Definition bias_set (m n : nat) (G : nat -> nat -> R) (b : R) : Prop :=
  exists N u v, vector_strategy m n N u v /\ b = bias m n N G u v.

(* Quantum success bias: the supremum (in fact maximum) of the biases. *)
Definition eps_q (m n : nat) (G : nat -> nat -> R) : R :=
  epsilon (inhabits 0) (fun q => is_lub (bias_set m n G) q).

Definition eps_optimal (m n N : nat) (G : nat -> nat -> R) (eps : R)
  (u v : nat -> nat -> R) : Prop :=
  vector_strategy m n N u v /\ bias m n N G u v >= eps_q m n G - eps.

Definition optimal (m n N : nat) (G : nat -> nat -> R) (u v : nat -> nat -> R) : Prop :=
  eps_optimal m n N G 0 u v.

Definition row_comb (n : nat) (G : nat -> nat -> R) (i : nat) (v : nat -> nat -> R)
  : nat -> R := fun k => sumR n (fun j => G i j * v j k).

From Stdlib Require Import Reals Lra Lia Psatz ClassicalEpsilon Classical.
Open Scope R_scope.

(* Write r_i = Σ_j G_ij v_j. Replacing every u_i by r_i/|r_i| gives another
   strategy, so Σ_i |r_i| <= ε_q, while u_i·r_i <= |r_i| by Cauchy–Schwarz;
   hence for an ε-optimal strategy each defect |r_i| - u_i·r_i lies in [0, ε].
   The average of two near-optimal strategies (their direct sum scaled by
   1/√2) is near-optimal and has |r_i|² averaged; its small defect bounds the
   gap between the root mean square and the mean of the two row norms.  So the
   row norms of all ε-optimal strategies agree up to 2√ε, and c_i is their
   common limit.  Then |r_i - c_i u_i|² = (|r_i| - c_i)² + 2c_i(|r_i| - u_i·r_i)
   is O(ε), which is stronger than the stated ε^(1/4) bound.  If row i is
   nonzero, c_i > 0 because a strategy with tiny row norm could be improved by
   playing row i along a fresh orthogonal direction. *)

Lemma Rabs_le_inv a b : Rabs a <= b -> - b <= a <= b.
Proof. unfold Rabs; destruct (Rcase_abs a); lra. Qed.

Lemma Rmult_self_div a : a * a / a = a.
Proof.
  destruct (Req_EM_T a 0) as [-> | Ha].
  - unfold Rdiv; rewrite Rinv_0; ring.
  - field; exact Ha.
Qed.

Lemma lub_epsilon_spec (E : R -> Prop) :
  bound E -> (exists x, E x) -> is_lub E (epsilon (inhabits 0) (is_lub E)).
Proof.
  intros Hb Hne; apply epsilon_spec.
  destruct (completeness E Hb Hne) as [q Hq]; exists q; exact Hq.
Qed.

Lemma sqr_sub_le_rms_sub_mean a1 a2 : 0 <= a1 <= 1 -> 0 <= a2 <= 1 ->
  (a1 - a2) ^ 2 <= 8 * (sqrt ((a1 ^ 2 + a2 ^ 2) / 2) - (a1 + a2) / 2).
Proof.
  intros H1 H2; set (r := sqrt _).
  assert (Hr : r * r = (a1 ^ 2 + a2 ^ 2) / 2) by (apply sqrt_sqrt; nra).
  assert (0 <= r) by apply sqrt_pos.
  assert ((a1 + a2) / 2 <= r).
  { apply Rnot_lt_le; intros Hlt.
    assert (r * r < (a1 + a2) / 2 * ((a1 + a2) / 2)) by (apply Rmult_le_0_lt_compat; lra).
    pose proof (pow2_ge_0 (a1 - a2)); nra. }
  assert (r <= 1) by nra.
  nra.
Qed.

Lemma sqr_le_of_hypot_le a b t : 0 < a <= 1 -> -2 <= b <= 2 ->
  sqrt (b ^ 2 + a ^ 2) <= b + t -> a ^ 2 <= 6 * t.
Proof.
  intros Ha Hb; set (r := sqrt _); intros Hrt.
  assert (Hr : r * r = b ^ 2 + a ^ 2) by (apply sqrt_sqrt; nra).
  assert (0 <= r) by apply sqrt_pos.
  assert (r <= 3) by nra.
  assert (b <= r) by nra.
  nra.
Qed.

Lemma sqrt_le_half x : x <= 1 / 4 -> sqrt x <= 1 / 2.
Proof. intros Hx; rewrite <- (sqrt_square (1 / 2)) by lra; apply sqrt_le_1_alt; lra. Qed.

Lemma sumR_ext n f g : (forall k, (k < n)%nat -> f k = g k) -> sumR n f = sumR n g.
Proof.
  induction n as [|n IH]; simpl; intros H; [reflexivity|].
  rewrite IH by (intros; apply H; lia); rewrite H by lia; reflexivity.
Qed.

Lemma sumR_zero n : sumR n (fun _ => 0) = 0.
Proof. induction n as [|n IH]; simpl; [|rewrite IH]; ring. Qed.

Lemma sumR_plus n f g : sumR n (fun k => f k + g k) = sumR n f + sumR n g.
Proof. induction n as [|n IH]; simpl; [|rewrite IH]; ring. Qed.

Lemma sumR_minus n f g : sumR n (fun k => f k - g k) = sumR n f - sumR n g.
Proof. induction n as [|n IH]; simpl; [|rewrite IH]; ring. Qed.

Lemma sumR_scal n c f : sumR n (fun k => c * f k) = c * sumR n f.
Proof. induction n as [|n IH]; simpl; [|rewrite IH]; ring. Qed.

Lemma sumR_mean n f g : sumR n (fun k => (f k + g k) / 2) = (sumR n f + sumR n g) / 2.
Proof. induction n as [|n IH]; simpl; [|rewrite IH]; field. Qed.

Lemma sumR_swap n m f :
  sumR n (fun i => sumR m (fun j => f i j)) = sumR m (fun j => sumR n (fun i => f i j)).
Proof.
  induction n as [|n IH]; simpl.
  - symmetry; apply sumR_zero.
  - rewrite IH, <- sumR_plus; reflexivity.
Qed.

Lemma sumR_split a b f : sumR (a + b) f = sumR a f + sumR b (fun k => f (a + k)%nat).
Proof.
  induction b as [|b IH]; simpl.
  - rewrite Nat.add_0_r; ring.
  - rewrite Nat.add_succ_r; simpl; rewrite IH; ring.
Qed.

Lemma sumR_update m f x i0 : (i0 < m)%nat ->
  sumR m (fun i => if Nat.eqb i i0 then x else f i) = sumR m f - f i0 + x.
Proof.
  induction m as [|m IH]; simpl; intros Hi0; [lia|].
  destruct (Nat.eq_dec i0 m) as [-> | Hne].
  - rewrite Nat.eqb_refl, (sumR_ext m _ f); [ring|].
    intros k Hk; destruct (Nat.eqb_spec k m); [lia | reflexivity].
  - rewrite IH by lia; destruct (Nat.eqb_spec m i0); [lia | ring].
Qed.

Lemma sumR_le n f g : (forall k, (k < n)%nat -> f k <= g k) -> sumR n f <= sumR n g.
Proof.
  induction n as [|n IH]; simpl; intros H; [lra|].
  apply Rplus_le_compat; [apply IH; intros; apply H|apply H]; lia.
Qed.

Lemma sumR_nonneg n f : (forall k, (k < n)%nat -> 0 <= f k) -> 0 <= sumR n f.
Proof. intros H; rewrite <- (sumR_zero n); apply sumR_le; exact H. Qed.

Lemma term_le_sumR n f i :
  (forall k, (k < n)%nat -> 0 <= f k) -> (i < n)%nat -> f i <= sumR n f.
Proof.
  induction n as [|n IH]; simpl; intros H Hi; [lia|].
  assert (0 <= f n) by (apply H; lia).
  destruct (Nat.eq_dec i n) as [-> | Hne].
  - assert (0 <= sumR n f) by (apply sumR_nonneg; intros; apply H; lia); lra.
  - assert (f i <= sumR n f) by (apply IH; [intros; apply H|]; lia); lra.
Qed.

Lemma Rabs_sumR_le n f : Rabs (sumR n f) <= sumR n (fun k => Rabs (f k)).
Proof.
  induction n as [|n IH]; simpl; [rewrite Rabs_R0; lra|].
  eapply Rle_trans; [apply Rabs_triang | lra].
Qed.

Lemma Rabs_wsum_le n a d B : (forall l, (l < n)%nat -> Rabs (d l) <= B) ->
  Rabs (sumR n (fun l => a l * d l)) <= B * sumR n (fun l => Rabs (a l)).
Proof.
  intros H; eapply Rle_trans; [apply Rabs_sumR_le|].
  rewrite <- sumR_scal; apply sumR_le; intros l Hl.
  rewrite Rabs_mult; pose proof (Rabs_pos (a l)); specialize (H l Hl); nra.
Qed.

Lemma dot_ext N x y x' y' :
  (forall k, (k < N)%nat -> x k = x' k) -> (forall k, (k < N)%nat -> y k = y' k) ->
  dot N x y = dot N x' y'.
Proof.
  intros Hx Hy; unfold dot; apply sumR_ext; intros; rewrite Hx, Hy by assumption; reflexivity.
Qed.

Lemma dot_comm N x y : dot N x y = dot N y x.
Proof. unfold dot; apply sumR_ext; intros; ring. Qed.

Lemma dot_nonneg N x : 0 <= dot N x x.
Proof. unfold dot; apply sumR_nonneg; intros; nra. Qed.

Lemma dot_scal_l N x y t : dot N (fun k => x k * t) y = t * dot N x y.
Proof. unfold dot; rewrite <- sumR_scal; apply sumR_ext; intros; ring. Qed.

Lemma dot_scal_r N x y t : dot N x (fun k => y k * t) = t * dot N x y.
Proof. rewrite dot_comm, dot_scal_l, dot_comm; reflexivity. Qed.

Lemma dot_zero_l N y : dot N (fun _ => 0) y = 0.
Proof.
  unfold dot; transitivity (sumR N (fun _ => 0)); [apply sumR_ext; intros; ring | apply sumR_zero].
Qed.

Lemma dot_const1 a b : dot 1 (fun _ => a) (fun _ => b) = a * b.
Proof. unfold dot; simpl; ring. Qed.

Lemma dot_sub_scal N x y t :
  dot N (fun k => x k - t * y k) (fun k => x k - t * y k)
  = dot N x x - 2 * t * dot N y x + t * t * dot N y y.
Proof.
  unfold dot.
  rewrite (sumR_ext N _ (fun k => x k * x k + (- (2 * t) * (y k * x k) + (t * t) * (y k * y k))))
    by (intros; ring).
  rewrite !sumR_plus, !sumR_scal; ring.
Qed.

Lemma dot_self_eq0 N x : dot N x x = 0 -> forall k, (k < N)%nat -> x k = 0.
Proof.
  intros H k Hk.
  assert (x k * x k <= dot N x x)
    by (apply (term_le_sumR N (fun k => x k * x k)); [intros; nra | exact Hk]).
  nra.
Qed.

Lemma vnorm_sqr N x : vnorm N x * vnorm N x = dot N x x.
Proof. apply sqrt_sqrt, dot_nonneg. Qed.

Lemma Rabs_dot_le_unit N u w : dot N u u = 1 -> Rabs (dot N u w) <= vnorm N w.
Proof.
  intros Hu; set (q := dot N u w).
  assert (Hq : q * q <= dot N w w).
  { pose proof (dot_nonneg N (fun k => w k - q * u k)) as H.
    rewrite dot_sub_scal, Hu in H; fold q in H; lra. }
  rewrite <- (Rabs_pos_eq (vnorm N w)) by apply sqrt_pos.
  apply Rsqr_le_abs_0; unfold Rsqr; rewrite vnorm_sqr; exact Hq.
Qed.

Lemma Rabs_dot_unit_le1 N u w : dot N u u = 1 -> dot N w w = 1 -> Rabs (dot N u w) <= 1.
Proof. intros Hu Hw; rewrite <- sqrt_1, <- Hw; apply Rabs_dot_le_unit, Hu. Qed.

Definition cat (N1 : nat) (x y : nat -> R) : nat -> R :=
  fun k => if Nat.ltb k N1 then x k else y (k - N1)%nat.

Lemma dot_cat N1 N2 x1 x2 y1 y2 :
  dot (N1 + N2) (cat N1 x1 x2) (cat N1 y1 y2) = dot N1 x1 y1 + dot N2 x2 y2.
Proof.
  unfold dot; rewrite sumR_split; f_equal; apply sumR_ext; intros k Hk; unfold cat.
  - destruct (Nat.ltb_spec k N1); [reflexivity | lia].
  - destruct (Nat.ltb_spec (N1 + k) N1); [lia|].
    replace (N1 + k - N1)%nat with k by lia; reflexivity.
Qed.

(* The last coordinate keeps [unit_dir N x] a unit vector when [x = 0]. *)
Definition unit_dir N (x : nat -> R) : nat -> R :=
  cat N (fun k => x k * / vnorm N x) (fun _ => if Req_EM_T (vnorm N x) 0 then 1 else 0).

Lemma unit_dir_unit N x : dot (N + 1) (unit_dir N x) (unit_dir N x) = 1.
Proof.
  unfold unit_dir; rewrite dot_cat, dot_scal_l, dot_scal_r, dot_const1, <- vnorm_sqr.
  destruct (Req_EM_T (vnorm N x) 0) as [-> | Hx]; [|field; exact Hx].
  rewrite Rinv_0; ring.
Qed.

Lemma dot_unit_dir N x y :
  dot (N + 1) (unit_dir N x) (cat N y (fun _ => 0)) = dot N x y / vnorm N x.
Proof. unfold unit_dir; rewrite dot_cat, dot_scal_l, dot_const1; unfold Rdiv; ring. Qed.

Definition cat_avg (N1 : nat) (x y : nat -> R) : nat -> R :=
  cat N1 (fun k => x k * / sqrt 2) (fun k => y k * / sqrt 2).

Lemma dot_cat_avg N1 N2 x1 y1 x2 y2 :
  dot (N1 + N2) (cat_avg N1 x1 y1) (cat_avg N1 x2 y2) = (dot N1 x1 x2 + dot N2 y1 y2) / 2.
Proof.
  unfold cat_avg; rewrite dot_cat, !dot_scal_l, !dot_scal_r.
  assert (H2 : sqrt 2 * sqrt 2 = 2) by (apply sqrt_sqrt; lra).
  assert (0 < sqrt 2) by (apply sqrt_lt_R0; lra).
  set (s := sqrt 2) in *; rewrite <- H2; field; lra.
Qed.

Section Game.

Variables (m n : nat) (G : nat -> nat -> R).

Definition row_l1 i := sumR n (fun j => Rabs (G i j)).

Definition row_bias N (u v : nat -> nat -> R) i := dot N (u i) (row_comb n G i v).

Lemma dot_row_comb N x i v :
  dot N x (row_comb n G i v) = sumR n (fun j => G i j * dot N x (v j)).
Proof.
  unfold dot, row_comb.
  rewrite (sumR_ext N _ (fun k => sumR n (fun j => G i j * (x k * v j k)))).
  - rewrite sumR_swap; apply sumR_ext; intros; apply sumR_scal.
  - intros k _; rewrite <- sumR_scal; apply sumR_ext; intros; ring.
Qed.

________________________________________

**HOW TO COMPLETE THIS TASK:** Only the lines above from the one with "Definition row_comb (n" up to and including the one with "- field; exact Ha." should be repeated, exactly as written.

**FINISHED TASK:**
Definition row_comb (n : nat) (G : nat -> nat -> R) (i : nat) (v : nat -> nat -> R)
  : nat -> R := fun k => sumR n (fun j => G i j * v j k).

From Stdlib Require Import Reals Lra Lia Psatz ClassicalEpsilon Classical.
Open Scope R_scope.

(* Write r_i = Σ_j G_ij v_j. Replacing every u_i by r_i/|r_i| gives another
   strategy, so Σ_i |r_i| <= ε_q, while u_i·r_i <= |r_i| by Cauchy–Schwarz;
   hence for an ε-optimal strategy each defect |r_i| - u_i·r_i lies in [0, ε].
   The average of two near-optimal strategies (their direct sum scaled by
   1/√2) is near-optimal and has |r_i|² averaged; its small defect bounds the
   gap between the root mean square and the mean of the two row norms.  So the
   row norms of all ε-optimal strategies agree up to 2√ε, and c_i is their
   common limit.  Then |r_i - c_i u_i|² = (|r_i| - c_i)² + 2c_i(|r_i| - u_i·r_i)
   is O(ε), which is stronger than the stated ε^(1/4) bound.  If row i is
   nonzero, c_i > 0 because a strategy with tiny row norm could be improved by
   playing row i along a fresh orthogonal direction. *)

Lemma Rabs_le_inv a b : Rabs a <= b -> - b <= a <= b.
Proof. unfold Rabs; destruct (Rcase_abs a); lra. Qed.

Lemma Rmult_self_div a : a * a / a = a.
Proof.
  destruct (Req_EM_T a 0) as [-> | Ha].
  - unfold Rdiv; rewrite Rinv_0; ring.
  - field; exact Ha.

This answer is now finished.